[Data excerpts]

(* Under the standing setup and the algorithm/assumptions described in the context, there exists a constant $\chi>0$ such that for every pair of integers $1\le\underline{k}\le\overline{k}$, $$\min_{\underline{k}\le n\le\overline{k}}\mathcal{M}_{\bar\gamma}^{F_n,\phi}(x_n)\ \le\ \sqrt{\frac{\chi}{\sum_{n=\underline{k}}^{\overline{k}}\mu_n}}.$$
   Context: Standing setup: $\mathcal{X},\mathcal{Z}$ finite-dimensional real Hilbert spaces; $\phi:\mathcal{X}\to\mathbb{R}\cup\{+\infty\}$ proper lower semicontinuous convex; $h:\mathcal{X}\to\mathbb{R}$ differentiable with $\nabla h$ Lipschitz on $\mathrm{dom}\,\phi$; $\mathfrak{S}:\mathcal{X}\to\mathcal{Z}$ continuously differentiable; $g:\mathcal{Z}\to\mathbb{R}$ Lipschitz with constant $L_g>0$ and $\eta$-weakly convex ($g+\frac\eta2\|\cdot\|^2$ convex, $\eta>0$); $F:=h+g\circ\mathfrak{S}$ and $\mathrm{argmin}_x(F+\phi)\ne\emptyset$. Notation: $\mathrm{prox}_{\gamma\phi}(\bar x)=\mathrm{argmin}_x(\phi(x)+\frac1{2\gamma}\|x-\bar x\|^2)$; Moreau envelope ${}^{\mu}g(\bar z)=\min_z(g(z)+\frac1{2\mu}\|z-\bar z\|^2)$ for $\mu\in(0,\eta^{-1})$ (continuously differentiable). $F_n:=h+{}^{\mu_n}g\circ\mathfrak{S}$, and for $\gamma>0$, $\mathcal{M}_\gamma^{F_n,\phi}(x)=\|(x-\mathrm{prox}_{\gamma\phi}(x-\gamma\nabla F_n(x)))/\gamma\|$. Algorithm and assumptions: fix $x_1\in\mathrm{dom}\,\phi$ and $c\in(0,1)$. (a) $(\mu_n)\subset(0,\frac{1}{2\eta}]$ with $\mu_n\to0$, $\sum_n\mu_n=+\infty$, and there is $M\ge1$ with $M^{-1}\le\mu_{n+1}/\mu_n\le1$ for all $n$. (b) Each $\nabla F_n$ is Lipschitz continuous on $\mathrm{dom}\,\phi$ with constant $L_{\nabla F_n}=\varpi_1+\varpi_2\mu_n^{-1}$ for some fixed $\varpi_1\ge0$, $\varpi_2>0$. (c) Stepsizes $\gamma_n>0$ satisfy the Armijo-type condition $(F_n+\phi)(\mathrm{prox}_{\gamma_n\phi}(x_n-\gamma_n\nabla F_n(x_n)))\le(F_n+\phi)(x_n)-c\gamma_n(\mathcal{M}_{\gamma_n}^{F_n,\phi}(x_n))^2$, and there are $\beta>0$, $\bar\gamma>0$ with $\beta L_{\nabla F_n}^{-1}\le\gamma_n\le\bar\gamma$ for all $n$. (d) Iterates: $x_{n+1}=\mathrm{prox}_{\gamma_n\phi}(x_n-\gamma_n\nabla F_n(x_n))$. *)

From HB Require Import structures.
From mathcomp Require Import all_boot all_order all_algebra.
From mathcomp Require Import all_classical all_reals all_analysis.
Set Implicit Arguments. Unset Strict Implicit. Unset Printing Implicit Defensive.
Import Order.TTheory GRing.Theory Num.Theory.
Import numFieldNormedType.Exports.
Local Open Scope classical_set_scope.
Local Open Scope ring_scope.

(* A finite-dimensional real Hilbert space is modelled (up to isometric
   isomorphism) as 'rV[R]_d with the Euclidean inner product. *)
Section Defs.
Variable R : realType.

Definition dot (d : nat) (u v : 'rV[R]_d) : R := \sum_(i < d) u 0 i * v 0 i.
Definition enorm (d : nat) (u : 'rV[R]_d) : R := Num.sqrt (dot u u).

Definition is_gradient (d : nat) (f : 'rV[R]_d -> R) (G : 'rV[R]_d -> 'rV[R]_d) :=
  forall x, differentiable f x /\ forall v, 'D_v f x = dot (G x) v.

Definition C1 (d e : nat) (S : 'rV[R]_d -> 'rV[R]_e) :=
  (forall x, differentiable S x) /\ (forall v, continuous (fun x => 'D_v S x)).

Definition convex_fun (d : nat) (f : 'rV[R]_d -> R) :=
  forall x y : 'rV[R]_d, forall t : R, 0 <= t <= 1 ->
    f (t *: x + (1 - t) *: y) <= t * f x + (1 - t) * f y.

Definition grad_lipschitz_on (d e : nat) (A : set 'rV[R]_d) (f : 'rV[R]_d -> 'rV[R]_e) (L : R) :=
  forall x y, A x -> A y -> enorm (f x - f y) <= L * enorm (x - y).

Definition edom (d : nat) (phi : 'rV[R]_d -> \bar R) : set 'rV[R]_d :=
  [set x | phi x \is a fin_num].

Definition proper_fun (d : nat) (phi : 'rV[R]_d -> \bar R) :=
  (forall x, phi x != -oo%E) /\ (exists x, phi x \is a fin_num).

Definition lsc_fun (d : nat) (phi : 'rV[R]_d -> \bar R) :=
  forall a : R, closed [set x | (phi x <= a%:E)%E].

Definition econvex_fun (d : nat) (phi : 'rV[R]_d -> \bar R) :=
  forall x y : 'rV[R]_d, forall t : R, 0 < t < 1 ->
    (phi ((t *: x + (1 - t) *: y)%R) <= t%:E * phi x + (1 - t)%:E * phi y)%E.

Definition is_prox (d : nat) (phi : 'rV[R]_d -> \bar R) (gamma : R) (xbar p : 'rV[R]_d) :=
  forall x, (phi p + ((2 * gamma)^-1 * enorm (p - xbar) ^+ 2)%:E
             <= phi x + ((2 * gamma)^-1 * enorm (x - xbar) ^+ 2)%:E)%E.

Definition moreau (e : nat) (g : 'rV[R]_e -> R) (mu : R) (zbar : 'rV[R]_e) : R :=
  inf (range (fun z => g z + (2 * mu)^-1 * enorm (z - zbar) ^+ 2)).

Definition residual (d : nat) (prox : R -> 'rV[R]_d -> 'rV[R]_d)
  (gradF : 'rV[R]_d -> 'rV[R]_d) (gamma : R) (x : 'rV[R]_d) : R :=
  enorm (gamma^-1 *: (x - prox gamma (x - gamma *: gradF x))).

End Defs.

From HB Require Import structures.
From mathcomp Require Import all_boot all_order all_algebra.
From mathcomp Require Import all_classical all_reals all_analysis.
From mathcomp Require Import ring lra.
Import Order.TTheory GRing.Theory Num.Theory.
Set Implicit Arguments. Unset Strict Implicit.
Import numFieldNormedType.Exports.
Local Open Scope classical_set_scope.
Local Open Scope ring_scope.

(* A Lyapunov argument. With F_n = h + ^{mu_n}g o S, the quantity
   Phi_n = F_n(x_n) + phi(x_n) + 2 Lg^2 M mu_n drops by at least
   c gamma_n M_{gamma_n}(x_n)^2 at every step: shrinking the smoothing parameter
   from mu_n to mu_{n+1} raises the Moreau envelope by at most
   2 Lg^2 (mu_n / mu_{n+1}) (mu_n - mu_{n+1}) <= 2 Lg^2 M (mu_n - mu_{n+1}).
   Since Phi_n >= min (F + phi) - Lg^2 / (4 eta), the drops are summable.
   The step-size bound makes gamma_n at least proportional to mu_n, and the
   prox-gradient residual is nonincreasing in the step size, so
   mu_n M_{gammabar}(x_n)^2 is a bounded multiple of the n-th drop; the minimum
   over a window is then at most the mu-weighted mean. *)

Section EuclideanNorm.
Variables (R : realType) (d : nat).
Implicit Types (a b : R) (u v w : 'rV[R]_d).

Lemma dotC u v : dot u v = dot v u.
Proof. by apply: eq_bigr => i _; rewrite mulrC. Qed.

Lemma dotDl u v w : dot (u + v) w = dot u w + dot v w.
Proof. by rewrite /dot -big_split; apply: eq_bigr => i _; rewrite mxE mulrDl. Qed.

Lemma dotZl a u v : dot (a *: u) v = a * dot u v.
Proof. by rewrite /dot mulr_sumr; apply: eq_bigr => i _; rewrite mxE mulrA. Qed.

Lemma dotBl u v w : dot (u - v) w = dot u w - dot v w.
Proof. by rewrite -scaleN1r dotDl dotZl mulN1r. Qed.

Lemma dotDr u v w : dot w (u + v) = dot w u + dot w v.
Proof. by rewrite dotC dotDl !(dotC w). Qed.

Lemma dotZr a u v : dot v (a *: u) = a * dot v u.
Proof. by rewrite dotC dotZl dotC. Qed.

Lemma dotBr u v w : dot w (u - v) = dot w u - dot w v.
Proof. by rewrite dotC dotBl !(dotC w). Qed.

Lemma dotxx_ge0 u : 0 <= dot u u.
Proof. by apply: sumr_ge0 => i _; rewrite -expr2 sqr_ge0. Qed.

Lemma dot_sqrD u v : dot (u + v) (u + v) = dot u u + 2 * dot u v + dot v v.
Proof. rewrite !dotDl !dotDr (dotC v u); ring. Qed.

Lemma sqr_enorm u : enorm u ^+ 2 = dot u u.
Proof. by rewrite /enorm sqr_sqrtr // dotxx_ge0. Qed.

Lemma enorm_ge0 u : 0 <= enorm u.
Proof. exact: sqrtr_ge0. Qed.

Lemma enormZ a u : enorm (a *: u) = `|a| * enorm u.
Proof. by rewrite /enorm dotZl dotZr mulrA -expr2 sqrtrM ?sqr_ge0 // sqrtr_sqr. Qed.

Lemma enorm0 : enorm (0 : 'rV[R]_d) = 0.
Proof. by rewrite -(scale0r (0 : 'rV[R]_d)) enormZ normr0 mul0r. Qed.

Lemma enorm_distC u v : enorm (u - v) = enorm (v - u).
Proof. by rewrite -opprB -scaleN1r enormZ normrN normr1 mul1r. Qed.

Lemma cauchy_schwarz_sqr u v : dot u v ^+ 2 <= dot u u * dot v v.
Proof.
have quad a b : 0 <= a ^+ 2 * dot u u + 2 * a * b * dot u v + b ^+ 2 * dot v v.
  have := dotxx_ge0 (a *: u + b *: v).
  by rewrite dot_sqrD !dotZl !dotZr; lra.
rewrite -subr_ge0; set D := _ - _.
have uu := dotxx_ge0 u; have vv := dotxx_ge0 v.
have [u0|upos] := eqVneq (dot u u) 0.
  have [v0|vpos] := eqVneq (dot v v) 0.
    have := quad 1 1; have := quad 1 (-1).
    by rewrite /D u0 v0; nra.
  have : 0 <= dot v v * D by have := quad (dot v v) (- dot u v); rewrite /D; lra.
  by rewrite pmulr_rge0 // lt_def vpos.
have : 0 <= dot u u * D by have := quad (- dot u v) (dot u u); rewrite /D; lra.
by rewrite pmulr_rge0 // lt_def upos.
Qed.

Lemma cauchy_schwarz u v : dot u v <= enorm u * enorm v.
Proof.
rewrite /enorm -sqrtrM ?dotxx_ge0 //; apply: le_trans (ler_norm _) _.
by rewrite -sqrtr_sqr ler_sqrt ?mulr_ge0 ?dotxx_ge0 // cauchy_schwarz_sqr.
Qed.

End EuclideanNorm.

Section RealInequalities.
Variable R : realFieldType.

Lemma ler_of_le_add_small (x y k : R) : 0 <= k ->
  (forall t, 0 < t < 1 -> x <= y + t * k) -> x <= y.
Proof.
move=> k0 xle; apply/ler_addgt0Pr => e e0.
pose t := Num.min (2^-1) (e / (k + 1)).
have t0 : 0 < t by rewrite lt_min invr_gt0 ltr0n divr_gt0 //; lra.
have t1 : t < 1 by rewrite gt_min; apply/orP; left; lra.
have tk : t * (k + 1) <= e by rewrite -ler_pdivlMr ?ge_min ?lexx ?orbT //; lra.
apply: le_trans (xle t _) _; first by rewrite t0 t1.
rewrite lerD2l; nra.
Qed.

Lemma young_lin_sqr (L r mu : R) : 0 < mu ->
  L * r <= mu * L ^+ 2 / 2 + (2 * mu)^-1 * r ^+ 2.
Proof.
move=> mu0; have mu2 : 0 < 2 * mu by rewrite mulr_gt0.
rewrite -(ler_pM2l mu2) mulrDr mulVKf ?gt_eqF //.
have := sqr_ge0 (r - mu * L); nra.
Qed.

Lemma le_mul_of_cross_sqr (g1 g2 a b : R) : 0 < g1 <= g2 -> 0 <= a -> 0 <= b ->
  g2 * a ^+ 2 + g1 * b ^+ 2 <= (g1 + g2) * (a * b) -> g1 * b <= g2 * a.
Proof.
move=> /andP[g10 g12] a0 b0 cross; rewrite leNgt; apply/negP => lt.
have ab : a < b.
  by rewrite -(ltr_pM2l g10); apply: le_lt_trans lt; rewrite ler_wpM2r.
have : 0 < (b - a) * (g1 * b - g2 * a) by rewrite mulr_gt0 // subr_gt0.
nra.
Qed.

Lemma smoothing_sqr_le_drop (mu mumax w1 w2 beta c gam rb r : R) :
  0 < mu <= mumax -> 0 <= w1 -> 0 < w2 -> 0 < beta -> 0 < c ->
  beta / (w1 + w2 / mu) <= gam -> 0 <= rb <= r ->
  mu * rb ^+ 2 <= (w1 * mumax + w2) / beta / c * (c * gam * r ^+ 2).
Proof.
move=> /andP[mu0 mumax_ge] w10 w20 beta0 c0 gam_ge /andP[rb0 rb_le].
have w0 : 0 < w1 + w2 / mu by rewrite ltr_wpDl // divr_gt0.
rewrite ler_pdivrMr // in gam_ge.
have gam0 : 0 <= gam.
  by rewrite -(pmulr_lge0 _ w0); apply: le_trans gam_ge; apply: ltW.
have mu_le : mu <= gam * (w1 * mumax + w2) / beta.
  have : beta * mu <= gam * (w1 * mu + w2).
    have -> : gam * (w1 * mu + w2) = gam * (w1 + w2 / mu) * mu by field; rewrite gt_eqF.
    by rewrite ler_pM2r.
  rewrite ler_pdivlMr //.
  have : w1 * mu <= w1 * mumax by rewrite ler_wpM2l.
  nra.
have -> : (w1 * mumax + w2) / beta / c * (c * gam * r ^+ 2)
    = gam * (w1 * mumax + w2) / beta * r ^+ 2 by field; rewrite !gt_eqF.
by rewrite ler_pM ?sqr_ge0 ?(ltW mu0) // ler_pXn2r // nnegrE (le_trans rb0).
Qed.

Lemma sum_decrease_le (W T : nat -> R) m n : (m <= n)%N ->
  (forall k, (m <= k < n)%N -> W k.+1 <= W k - T k) ->
  \sum_(m <= k < n) T k <= W m - W n.
Proof.
move=> mn Wdec; rewrite -opprB -telescope_sumr // -sumrN big_nat [X in _ <= X]big_nat.
by apply: ler_sum => k /Wdec; rewrite opprB; lra.
Qed.

Lemma sum_decrease_window_le (W T : nat -> R) (Wmin : R) m kl n :
  (m <= kl <= n)%N -> (forall k, (m <= k)%N -> W k.+1 <= W k - T k) ->
  (forall k, (m <= k)%N -> 0 <= T k) -> (forall k, (m <= k)%N -> Wmin <= W k) ->
  \sum_(kl <= k < n) T k <= W m - Wmin.
Proof.
move=> /andP[mkl kln] Wdec T_ge0 W_ge.
have head : \sum_(m <= k < kl) T k <= W m - W kl.
  by apply: sum_decrease_le => // k /andP[mk _]; apply: Wdec.
have window : \sum_(kl <= k < n) T k <= W kl - W n.
  by apply: sum_decrease_le => // k /andP[klk _]; apply: Wdec (leq_trans mkl klk).
have head_ge0 : 0 <= \sum_(m <= k < kl) T k.
  by rewrite big_nat; apply: sumr_ge0 => k /andP[mk _]; apply: T_ge0.
have := W_ge n (leq_trans mkl kln); lra.
Qed.

End RealInequalities.

Lemma bigmin_le_sqrt_weighted (R : rcfType) (mu r : nat -> R) (chi : R) kl ku :
  (kl <= ku)%N -> (forall n, (kl <= n <= ku)%N -> 0 < mu n) ->
  \sum_(kl <= n < ku.+1) mu n * r n ^+ 2 <= chi ->
  \big[Num.min/r kl]_(kl <= n < ku.+1) r n
    <= Num.sqrt (chi / \sum_(kl <= n < ku.+1) mu n).
Proof.
move=> klku mu0 sum_le; set m := \big[_/_]_(_ <= _ < _) _.
have [m_le0|m_gt0] := leP m 0; first by apply: le_trans m_le0 (sqrtr_ge0 _).
have mu_ge0 n : (kl <= n < ku.+1)%N -> 0 <= mu n by move=> kln; rewrite ltW ?mu0.
have sum_gt0 : 0 < \sum_(kl <= n < ku.+1) mu n.
  have tail_ge0 : 0 <= \sum_(kl.+1 <= n < ku.+1) mu n.
    by rewrite big_nat; apply: sumr_ge0 => n /andP[/ltnW kln nku]; rewrite mu_ge0 ?kln.
  by rewrite big_ltn // ltr_wpDr // mu0 // leqnn.
have : m ^+ 2 * \sum_(kl <= n < ku.+1) mu n <= chi.
  apply: le_trans sum_le; rewrite mulr_sumr !big_nat; apply: ler_sum => n kln.
  have m_le : m <= r n by apply: ge_bigmin_seq; rewrite // mem_index_iota.
  rewrite mulrC ler_wpM2l ?mu_ge0 // ler_pXn2r // nnegrE ltW //.
  exact: lt_le_trans m_le.
rewrite -(ler_pdivlMr _ _ sum_gt0) => m2_le.
by rewrite -(ger0_norm (ltW m_gt0)) -sqrtr_sqr ler_sqrt // (le_trans _ m2_le) ?sqr_ge0.
Qed.

Section ProximalMap.
Variables (R : realType) (d : nat) (phi : 'rV[R]_d -> \bar R).
Hypothesis phi_proper : proper_fun phi.

Lemma is_prox_fin_num gam z p : is_prox phi gam z p -> phi p \is a fin_num.
Proof.
case: phi_proper => phi_neq_ninfty [y y_fin] /(_ y).
rewrite fin_numE phi_neq_ninfty /=; move: y_fin.
by case: (phi y) => // r _; case: (phi p).
Qed.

[Task]:
From the entries above, copy each line holding "first".

[Answer to this task]:
apply: le_trans (xle t _) _; first by rewrite t0 t1.
have [m_le0|m_gt0] := leP m 0; first by apply: le_trans m_le0 (sqrtr_ge0 _).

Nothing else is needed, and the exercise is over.